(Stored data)
(* Let $(r_n),(R_n)$ be real sequences with $(r_n)$ bounded, and $(C_n),(D_n),(d_n)$ complex sequences with $\sum_n(|C_n|^2+|d_nD_n|^2)<\infty$. Assume there are $n'\in\mathbb{N}$, $\mu>0$, $\nu>1/2$ such that $|R_n|\le\mu n^{-\nu}(|C_n|^2+|d_nD_n|^2)^{1/2}$ for all $n\ge n'$. Then for every $n_0\ge n'$ and every $T>0$ there is $c(T)>0$ (depending on $T,\mu,\nu,\sup_n|r_n|$) such that $$\int_{-\infty}^{\infty}k^*(t)\Big|\sum_{n=n_0}^\infty R_ne^{r_nt}\Big|^2dt\le c(T)\sum_{n=n_0}^\infty\big(|C_n|^2+|d_nD_n|^2\big).$$
   Context: For $T>0$, $k^*(t):=\cos\big(\frac{\pi t}{2T}\big)$ for $|t|\le T$ and $k^*(t):=0$ for $|t|>T$. *)

From Stdlib Require Import Reals Lra.
Open Scope R_scope.

(* Complex numbers represented as pairs (real part, imaginary part). *)
Definition Cplx : Type := (R * R)%type.
Definition Cmul (z w : Cplx) : Cplx :=
  (fst z * fst w - snd z * snd w, fst z * snd w + snd z * fst w).
Definition Cmod (z : Cplx) : R := sqrt (fst z ^ 2 + snd z ^ 2).

Definition kstar (T t : R) : R :=
  if Rle_dec (Rabs t) T then cos (PI * t / (2 * T)) else 0.

(* For |t| <= T every term of the series is at most |R_n| e^(M T), and by
   Cauchy-Schwarz  sum |R_n| <= mu (sum n^(-2 nu))^(1/2) (sum |C_n|^2 + |d_n D_n|^2)^(1/2),
   where sum_(n >= n0) n^(-2 nu) <= 2 nu / (2 nu - 1) by comparison with an integral
   because 2 nu > 1.  So the series converges normally, its sum S is continuous and
   |S|^2 <= e^(2 M T) mu^2 (2 nu / (2 nu - 1)) l on [-T, T]; as 0 <= k^* <= 1, the
   integral is at most 2 T times this bound. *)

From Stdlib Require Import Reals Lra Lia.
Open Scope R_scope.

Lemma exp_le x y : x <= y -> exp x <= exp y.
Proof. intros [H|H]; [left; apply exp_increasing, H | right; rewrite H; reflexivity]. Qed.

Lemma ln_le_sub_1 y : 0 < y -> ln y <= y - 1.
Proof. intros Hy. pose proof (exp_ineq1_le (ln y)). rewrite exp_ln in H by exact Hy. lra. Qed.

Lemma ln_pred_le x : 1 < x -> ln (x - 1) <= ln x - / x.
Proof.
  intros Hx.
  pose proof (ln_le_sub_1 ((x - 1) / x) ltac:(apply Rdiv_lt_0_compat; lra)) as H.
  unfold Rdiv in H. rewrite ln_mult, ln_Rinv in H by (try apply Rinv_0_lt_compat; lra).
  replace ((x - 1) * / x - 1) with (- / x) in H by (field; lra). lra.
Qed.

(* Discrete form of [x^-s <= int_(x-1)^x t^-s dt]: as [ln (x-1) <= ln x - 1/x],
   [(x-1)^(1-s) >= x^(1-s) e^((s-1)/x) >= x^(1-s) + (s-1) x^-s]. *)
Lemma Rpower_opp_le_telescope s x : 1 < s -> 1 < x ->
  Rpower x (- s) <= (Rpower (x - 1) (1 - s) - Rpower x (1 - s)) / (s - 1).
Proof.
  intros Hs Hx.
  set (P := Rpower x (- s)).
  assert (HP : 0 < P) by apply exp_pos.
  assert (Ex : Rpower x (1 - s) = x * P).
  { unfold P. rewrite <- (Rpower_1 x) at 2 by lra. rewrite <- Rpower_plus. f_equal; ring. }
  assert (Hshift : x * P * exp ((s - 1) / x) <= Rpower (x - 1) (1 - s)).
  { rewrite <- Ex. unfold Rpower. rewrite <- exp_plus.
    apply exp_le. pose proof (ln_pred_le x Hx).
    replace ((s - 1) / x) with ((s - 1) * / x) by (unfold Rdiv; ring). nra. }
  pose proof (exp_ineq1_le ((s - 1) / x)) as Hexp.
  assert (x * P * (1 + (s - 1) / x) <= x * P * exp ((s - 1) / x))
    by (apply Rmult_le_compat_l; nra).
  rewrite Ex. apply Rmult_le_reg_l with (s - 1); [lra|].
  replace ((s - 1) * ((Rpower (x - 1) (1 - s) - x * P) / (s - 1)))
    with (Rpower (x - 1) (1 - s) - x * P) by (field; lra).
  replace (x * P * (1 + (s - 1) / x)) with (x * P + (s - 1) * P) in H by (field; lra).
  lra.
Qed.

Lemma sum_Rpower_opp_le s n0 N : 1 < s -> (1 <= n0)%nat ->
  sum_f_R0 (fun k => Rpower (INR (n0 + k)) (- s)) N <= s / (s - 1).
Proof.
  intros Hs Hn0.
  assert (Hpos : forall y e, 1 <= y -> e <= 0 -> 0 <= Rpower y e <= 1).
  { intros y e Hy He. split; [left; apply exp_pos|].
    rewrite <- (Rpower_O y) by lra. apply Rle_Rpower; lra. }
  assert (Htel : sum_f_R0 (fun k => Rpower (INR (n0 + k)) (- s)) N
                 <= s / (s - 1) - Rpower (INR (n0 + N)) (1 - s) / (s - 1)).
  { induction N as [|N IH]; simpl sum_f_R0.
    - rewrite Nat.add_0_r.
      assert (Hy : 1 <= INR n0) by (apply (le_INR 1); exact Hn0).
      pose proof (Hpos _ (- s) Hy ltac:(lra)).
      pose proof (Hpos _ (1 - s) Hy ltac:(lra)).
      replace (s / (s - 1)) with (1 + 1 / (s - 1)) by (field; lra).
      assert (Rpower (INR n0) (1 - s) / (s - 1) <= 1 / (s - 1))
        by (apply Rmult_le_compat_r; [left; apply Rinv_0_lt_compat|]; lra).
      lra.
    - assert (Hx : INR (n0 + S N) - 1 = INR (n0 + N))
        by (rewrite Nat.add_succ_r, S_INR; ring).
      assert (1 <= INR (n0 + N)) by (apply (le_INR 1); lia).
      pose proof (Rpower_opp_le_telescope s (INR (n0 + S N)) Hs ltac:(lra)) as Hstep.
      rewrite Hx in Hstep. unfold Rdiv in *. lra. }
  pose proof (Hpos (INR (n0 + N)) (1 - s) ltac:(apply (le_INR 1); lia) ltac:(lra)).
  assert (0 <= Rpower (INR (n0 + N)) (1 - s) / (s - 1))
    by (apply Rmult_le_pos; [|left; apply Rinv_0_lt_compat]; lra).
  lra.
Qed.

Lemma sum_f_R0_mult_sqr_le (u v : nat -> R) N :
  sum_f_R0 (fun k => u k * v k) N ^ 2
    <= sum_f_R0 (fun k => u k ^ 2) N * sum_f_R0 (fun k => v k ^ 2) N.
Proof.
  induction N as [|N IH]; [simpl; nra|]. rewrite !tech5.
  set (X := sum_f_R0 (fun k => u k * v k) N).
  set (A := sum_f_R0 (fun k => u k ^ 2) N).
  set (B := sum_f_R0 (fun k => v k ^ 2) N).
  fold X A B in IH.
  assert (HA : 0 <= A) by (apply cond_pos_sum; intro; apply pow2_ge_0).
  assert (HB : 0 <= B) by (apply cond_pos_sum; intro; apply pow2_ge_0).
  set (p := u (S N)). set (q := v (S N)).
  (* The cross term is controlled by AM-GM: [(2 X p q)^2 <= 4 A B p^2 q^2 <= (A q^2 + B p^2)^2]. *)
  assert (Hcross : Rabs (2 * X * p * q) <= Rabs (A * q ^ 2 + B * p ^ 2)).
  { apply Rsqr_le_abs_0. unfold Rsqr.
    pose proof (pow2_ge_0 (A * q ^ 2 - B * p ^ 2)).
    assert (X ^ 2 * (p ^ 2 * q ^ 2) <= A * B * (p ^ 2 * q ^ 2))
      by (apply Rmult_le_compat_r; [apply Rmult_le_pos; apply pow2_ge_0 | exact IH]).
    nra. }
  rewrite (Rabs_pos_eq (A * q ^ 2 + B * p ^ 2)) in Hcross
    by (pose proof (pow2_ge_0 p); pose proof (pow2_ge_0 q); nra).
  pose proof (Rle_abs (2 * X * p * q)). nra.
Qed.

Lemma sum_f_R0_mult_le_sqrt (u v : nat -> R) N :
  sum_f_R0 (fun k => u k * v k) N
    <= sqrt (sum_f_R0 (fun k => u k ^ 2) N) * sqrt (sum_f_R0 (fun k => v k ^ 2) N).
Proof.
  rewrite <- sqrt_mult by (apply cond_pos_sum; intro; apply pow2_ge_0).
  eapply Rle_trans; [apply Rle_abs|].
  rewrite <- sqrt_Rsqr_abs. apply sqrt_le_1_alt.
  rewrite Rsqr_pow2. apply sum_f_R0_mult_sqr_le.
Qed.

Lemma sum_abs_le_weighted (b w a : nat -> R) mu W A N :
  0 <= mu -> (forall k, 0 <= a k) -> (forall k, Rabs (b k) <= mu * w k * sqrt (a k)) ->
  sum_f_R0 (fun k => w k ^ 2) N <= W -> sum_f_R0 a N <= A ->
  sum_f_R0 (fun k => Rabs (b k)) N <= mu * sqrt W * sqrt A.
Proof.
  intros Hmu Ha Hb HW HA.
  apply Rle_trans with (mu * sum_f_R0 (fun k => w k * sqrt (a k)) N).
  - rewrite scal_sum. apply sum_Rle. intros k _. rewrite Rmult_comm, <- Rmult_assoc. apply Hb.
  - rewrite Rmult_assoc. apply Rmult_le_compat_l; [exact Hmu|].
    eapply Rle_trans; [apply sum_f_R0_mult_le_sqrt|].
    rewrite (sum_eq (fun k => sqrt (a k) ^ 2) a) by (intros k _; apply pow2_sqrt, Ha).
    apply Rmult_le_compat; try apply sqrt_pos; apply sqrt_le_1_alt; assumption.
Qed.

Lemma sum_abs_le_of_Rpower_decay (b a : nat -> R) mu nu l n0 N :
  0 <= mu -> 1 / 2 < nu -> (1 <= n0)%nat -> (forall n, 0 <= a n) ->
  (forall n, (n0 <= n)%nat -> Rabs (b n) <= mu * Rpower (INR n) (- nu) * sqrt (a n)) ->
  sum_f_R0 (fun k => a (n0 + k)%nat) N <= l ->
  sum_f_R0 (fun k => Rabs (b (n0 + k)%nat)) N <= mu * sqrt (2 * nu / (2 * nu - 1)) * sqrt l.
Proof.
  intros Hmu Hnu Hn0 Ha Hb Hl.
  apply (sum_abs_le_weighted _ (fun k => Rpower (INR (n0 + k)) (- nu)) (fun k => a (n0 + k)%nat));
    [exact Hmu | intro; apply Ha | intro; apply Hb; lia | | exact Hl].
  rewrite (sum_eq _ (fun k => Rpower (INR (n0 + k)) (- (2 * nu)))).
  - apply sum_Rpower_opp_le; [lra | exact Hn0].
  - intros k _. rewrite <- Rsqr_pow2. unfold Rsqr. rewrite <- Rpower_plus. f_equal. ring.
Qed.

Lemma Un_cv_const c : Un_cv (fun _ => c) c.
Proof.
  intros e He. exists 0%nat. intros. unfold R_dist. rewrite Rminus_diag, Rabs_R0. exact He.
Qed.

Lemma sum_f_R0_nonneg_bounded_cv (a : nat -> R) B :
  (forall k, 0 <= a k) -> (forall N, sum_f_R0 a N <= B) ->
  {L | Un_cv (fun N => sum_f_R0 a N) L & L <= B}.
Proof.
  intros Ha HB. destruct (growing_cv (fun N => sum_f_R0 a N)) as [L HL].
  - intro N. simpl. pose proof (Ha (S N)). lra.
  - exists B. intros x [N ->]. apply HB.
  - exists L; [exact HL|].
    exact (Rle_cv_lim (fun N => HB N) HL (Un_cv_const B)).
Qed.

Lemma Un_cv_sum_scal (a : nat -> R) c L :
  Un_cv (fun N => sum_f_R0 a N) L -> Un_cv (fun N => sum_f_R0 (fun k => a k * c) N) (c * L).
Proof.
  intros Ha. apply Un_cv_ext with (fun N => c * sum_f_R0 a N); [intro; apply scal_sum|].
  apply CV_mult; [apply Un_cv_const | exact Ha].
Qed.

Section ExpSeries.

Variables (b r : nat -> R) (M Lb : R).
Hypothesis r_bound : forall k, Rabs (r k) <= M.
Hypothesis abs_b_cv : Un_cv (fun N => sum_f_R0 (fun k => Rabs (b k)) N) Lb.

Definition exp_term k t := b k * exp (r k * t).

Lemma exp_term_bound k t rho : Rabs t <= rho -> Rabs (exp_term k t) <= Rabs (b k) * exp (M * rho).
Proof.
  intros Ht. unfold exp_term. rewrite Rabs_mult, (Rabs_pos_eq (exp _)) by (left; apply exp_pos).
  apply Rmult_le_compat_l; [apply Rabs_pos|]. apply exp_le.
  eapply Rle_trans; [apply Rle_abs|]. rewrite Rabs_mult.
  apply Rmult_le_compat; auto; apply Rabs_pos.
Qed.

Lemma exp_majorant_cv rho :
  Un_cv (fun N => sum_f_R0 (fun k => Rabs (b k) * exp (M * rho)) N) (exp (M * rho) * Lb).
Proof. apply Un_cv_sum_scal, abs_b_cv. Qed.

Lemma exp_series_cv x : {L | Un_cv (fun N => SP exp_term N x) L}.
Proof.
  apply R_complete, cauchy_abs, cv_cauchy_1.
  apply (Rseries_CV_comp _ (fun k => Rabs (b k) * exp (M * Rabs x))).
  - intro k. split; [apply Rabs_pos | apply exp_term_bound, Rle_refl].
  - exists (exp (M * Rabs x) * Lb). apply exp_majorant_cv.
Qed.

Definition exp_series : R -> R := SFL exp_term exp_series_cv.

Lemma exp_series_infinite_sum t : infinite_sum (fun k => exp_term k t) (exp_series t).
Proof. unfold exp_series, SFL. destruct (exp_series_cv t) as [L HL]. exact HL. Qed.

Lemma exp_series_abs_le t rho : Rabs t <= rho -> Rabs (exp_series t) <= exp (M * rho) * Lb.
Proof.
  intros Ht. apply (sum_cv_maj _ exp_term t _ _ (exp_series_infinite_sum t) (exp_majorant_cv rho)).
  intro k. apply exp_term_bound, Ht.
Qed.

Lemma exp_series_continuous t : continuity_pt exp_series t.
Proof.
  assert (Hrho : 0 < Rabs t + 1) by (pose proof (Rabs_pos t); lra).
  set (rho := mkposreal _ Hrho).
  assert (Hcvn : CVN_r exp_term rho).
  { exists (fun k => Rabs (b k) * exp (M * rho)), (exp (M * rho) * Lb). split.
    - eapply Un_cv_ext; [|apply exp_majorant_cv]. intro N. apply sum_eq. intros k _.
      symmetry; apply Rabs_pos_eq, Rmult_le_pos; [apply Rabs_pos | left; apply exp_pos].
    - intros k y Hy. apply exp_term_bound.
      unfold Boule in Hy. rewrite Rminus_0_r in Hy. left; exact Hy. }
  apply (CVU_continuity _ _ 0 rho (CVN_CVU exp_term exp_series_cv rho Hcvn)).
  - intros N y _. unfold SP. induction N as [|N IH]; simpl; unfold exp_term; [reg|].
    apply (continuity_pt_plus (fun t => sum_f_R0 (fun k => exp_term k t) N)
                              (fun t => b (S N) * exp (r (S N) * t))); [exact IH | reg].
  - unfold Boule. simpl. rewrite Rminus_0_r. lra.
Qed.

End ExpSeries.

Lemma continuity_pt_Rabs_sqr f x : continuity_pt f x -> continuity_pt (fun t => Rabs (f t) ^ 2) x.
Proof.
  intros Hf. change (fun t => Rabs (f t) ^ 2) with (comp (fun u => u ^ 2) (comp Rabs f)).
  apply continuity_pt_comp; [apply continuity_pt_comp; [exact Hf | apply Rcontinuity_abs] | reg].
Qed.

Lemma kstar_bound T t : 0 < T -> 0 <= kstar T t <= 1.
Proof.
  intros HT. unfold kstar. destruct (Rle_dec (Rabs t) T) as [Ht|_]; [|lra].
  split; [|apply COS_bound].
  pose proof (Rle_abs t). pose proof (Rle_abs (- t)). rewrite Rabs_Ropp in *.
  pose proof PI_RGT_0.
  replace (PI * t / (2 * T)) with (PI / 2 * (t / T)) by (field; lra).
  assert (-1 <= t / T <= 1).
  { split; [apply Rmult_le_reg_r with T | apply Rmult_le_reg_r with T];
      unfold Rdiv; rewrite ?Rmult_assoc, ?Rinv_l; lra. }
  apply cos_ge_0; nra.
Qed.

Lemma kstar_mult_integrable T h : 0 < T -> (forall t, continuity_pt h t) ->
  Riemann_integrable (fun t => kstar T t * h t) (- T) T.
Proof.
  intros HT Hh.
  apply (@Riemann_integrable_ext (fun t => cos (PI * t / (2 * T)) * h t)).
  - intros t Ht. rewrite Rmin_left, Rmax_right in Ht by lra.
    unfold kstar. destruct (Rle_dec (Rabs t) T) as [_|Hn]; [reflexivity|].
    exfalso. apply Hn, Rabs_le. lra.
  - apply continuity_implies_RiemannInt; [lra|]. intros t _.
    apply continuity_pt_mult; [reg | apply Hh].
Qed.

Lemma RiemannInt_kstar_mult_le T h K (pr : Riemann_integrable (fun t => kstar T t * h t) (- T) T) :
  0 < T -> (forall t, Rabs t <= T -> 0 <= h t <= K) -> RiemannInt pr <= 2 * T * K.
Proof.
  intros HT Hh.
  assert (HK : 0 <= K) by (destruct (Hh 0); [rewrite Rabs_R0; lra | lra]).
  destruct (@RiemannInt_const_bound _ _ _ 0 K pr ltac:(lra)) as [_ Hle]; [|lra].
  intros t Ht. destruct (Hh t) as [H0 HK']; [apply Rabs_le; lra|].
  pose proof (kstar_bound T t HT). split; [nra|].
  apply Rle_trans with (1 * K); [apply Rmult_le_compat; lra | lra].
Qed.

Theorem proposition5p13 :
  forall (T mu nu M : R),
    0 < T -> 0 < mu -> 1/2 < nu -> 0 <= M ->
    exists c : R, 0 < c /\
    forall (r Rs : nat -> R) (C D d : nat -> Cplx) (n' n0 : nat),
      (forall n, Rabs (r n) <= M) ->
      (exists L, infinite_sum
         (fun n => Cmod (C n) ^ 2 + Cmod (Cmul (d n) (D n)) ^ 2) L) ->
      (1 <= n')%nat ->
      (forall n, (n' <= n)%nat ->
         Rabs (Rs n) <= mu * Rpower (INR n) (- nu)
                         * sqrt (Cmod (C n) ^ 2 + Cmod (Cmul (d n) (D n)) ^ 2)) ->
      (n' <= n0)%nat ->
      forall l : R,
        infinite_sum
          (fun k => Cmod (C (n0 + k)%nat) ^ 2
                    + Cmod (Cmul (d (n0 + k)%nat) (D (n0 + k)%nat)) ^ 2) l ->
        exists S : R -> R,
          (forall t, infinite_sum
                       (fun k => Rs (n0 + k)%nat * exp (r (n0 + k)%nat * t)) (S t)) /\
          exists pr : Riemann_integrable (fun t => kstar T t * Rabs (S t) ^ 2) (- T) T,
            RiemannInt pr <= c * l.
Proof.
  intros T mu nu M HT Hmu Hnu _.
  set (W := 2 * nu / (2 * nu - 1)).
  assert (HW : 0 < W) by (apply Rdiv_lt_0_compat; lra).
  exists (2 * T * (exp (M * T) * mu) ^ 2 * W). split.
  { pose proof (exp_pos (M * T)). apply Rmult_lt_0_compat; [|exact HW].
    apply Rmult_lt_0_compat; [lra | apply pow_lt; nra]. }
  intros r Rs C D d n' n0 Hr _ Hn' HRs Hn0 l Hl.
  set (a := fun n => Cmod (C n) ^ 2 + Cmod (Cmul (d n) (D n)) ^ 2).
  assert (Ha : forall n, 0 <= a n)
    by (intro n; apply Rplus_le_le_0_compat; apply pow2_ge_0).
  assert (Hl_partial : forall N, sum_f_R0 (fun k => a (n0 + k)%nat) N <= l)
    by (intro N; apply sum_incr; [exact Hl | intro; apply Ha]).
  assert (Hl0 : 0 <= l).
  { eapply Rle_trans; [|apply (Hl_partial 0%nat)]. apply cond_pos_sum. intro; apply Ha. }
  set (B := mu * sqrt W * sqrt l).
  destruct (sum_f_R0_nonneg_bounded_cv _ B (fun k => Rabs_pos (Rs (n0 + k)%nat))
    (fun N => sum_abs_le_of_Rpower_decay Rs a mu nu l n0 N ltac:(lra) Hnu ltac:(lia) Ha
       (fun n Hn => HRs n ltac:(lia)) (Hl_partial N))) as [Lb HLb HLbB].
  set (S := exp_series _ (fun k => r (n0 + k)%nat) M Lb (fun k => Hr (n0 + k)%nat) HLb).
  exists S. split; [exact (exp_series_infinite_sum _ _ _ _ _ _)|].
  exists (kstar_mult_integrable T _ HT
            (fun t => continuity_pt_Rabs_sqr _ _ (exp_series_continuous _ _ _ _ _ _ t))).
  eapply Rle_trans; [apply (RiemannInt_kstar_mult_le _ _ ((exp (M * T) * B) ^ 2) _ HT)|].
  - intros t Ht. split; [apply pow2_ge_0|]. apply pow_incr. split; [apply Rabs_pos|].
    eapply Rle_trans; [apply (exp_series_abs_le _ _ _ _ _ _ t T Ht)|].
    apply Rmult_le_compat_l; [left; apply exp_pos | exact HLbB].
  - right. unfold B. rewrite !Rpow_mult_distr, !pow2_sqrt by lra. ring.
Qed.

TASK STATEMENT: Reproduce only the lines above, starting at the line with "pose proof (Hpos (INR" and ending at the line with "assert (HA : 0", exactly as written.

TASK RESULT:
  pose proof (Hpos (INR (n0 + N)) (1 - s) ltac:(apply (le_INR 1); lia) ltac:(lra)).
  assert (0 <= Rpower (INR (n0 + N)) (1 - s) / (s - 1))
    by (apply Rmult_le_pos; [|left; apply Rinv_0_lt_compat]; lra).
  lra.
Qed.

Lemma sum_f_R0_mult_sqr_le (u v : nat -> R) N :
  sum_f_R0 (fun k => u k * v k) N ^ 2
    <= sum_f_R0 (fun k => u k ^ 2) N * sum_f_R0 (fun k => v k ^ 2) N.
Proof.
  induction N as [|N IH]; [simpl; nra|]. rewrite !tech5.
  set (X := sum_f_R0 (fun k => u k * v k) N).
  set (A := sum_f_R0 (fun k => u k ^ 2) N).
  set (B := sum_f_R0 (fun k => v k ^ 2) N).
  fold X A B in IH.
  assert (HA : 0 <= A) by (apply cond_pos_sum; intro; apply pow2_ge_0).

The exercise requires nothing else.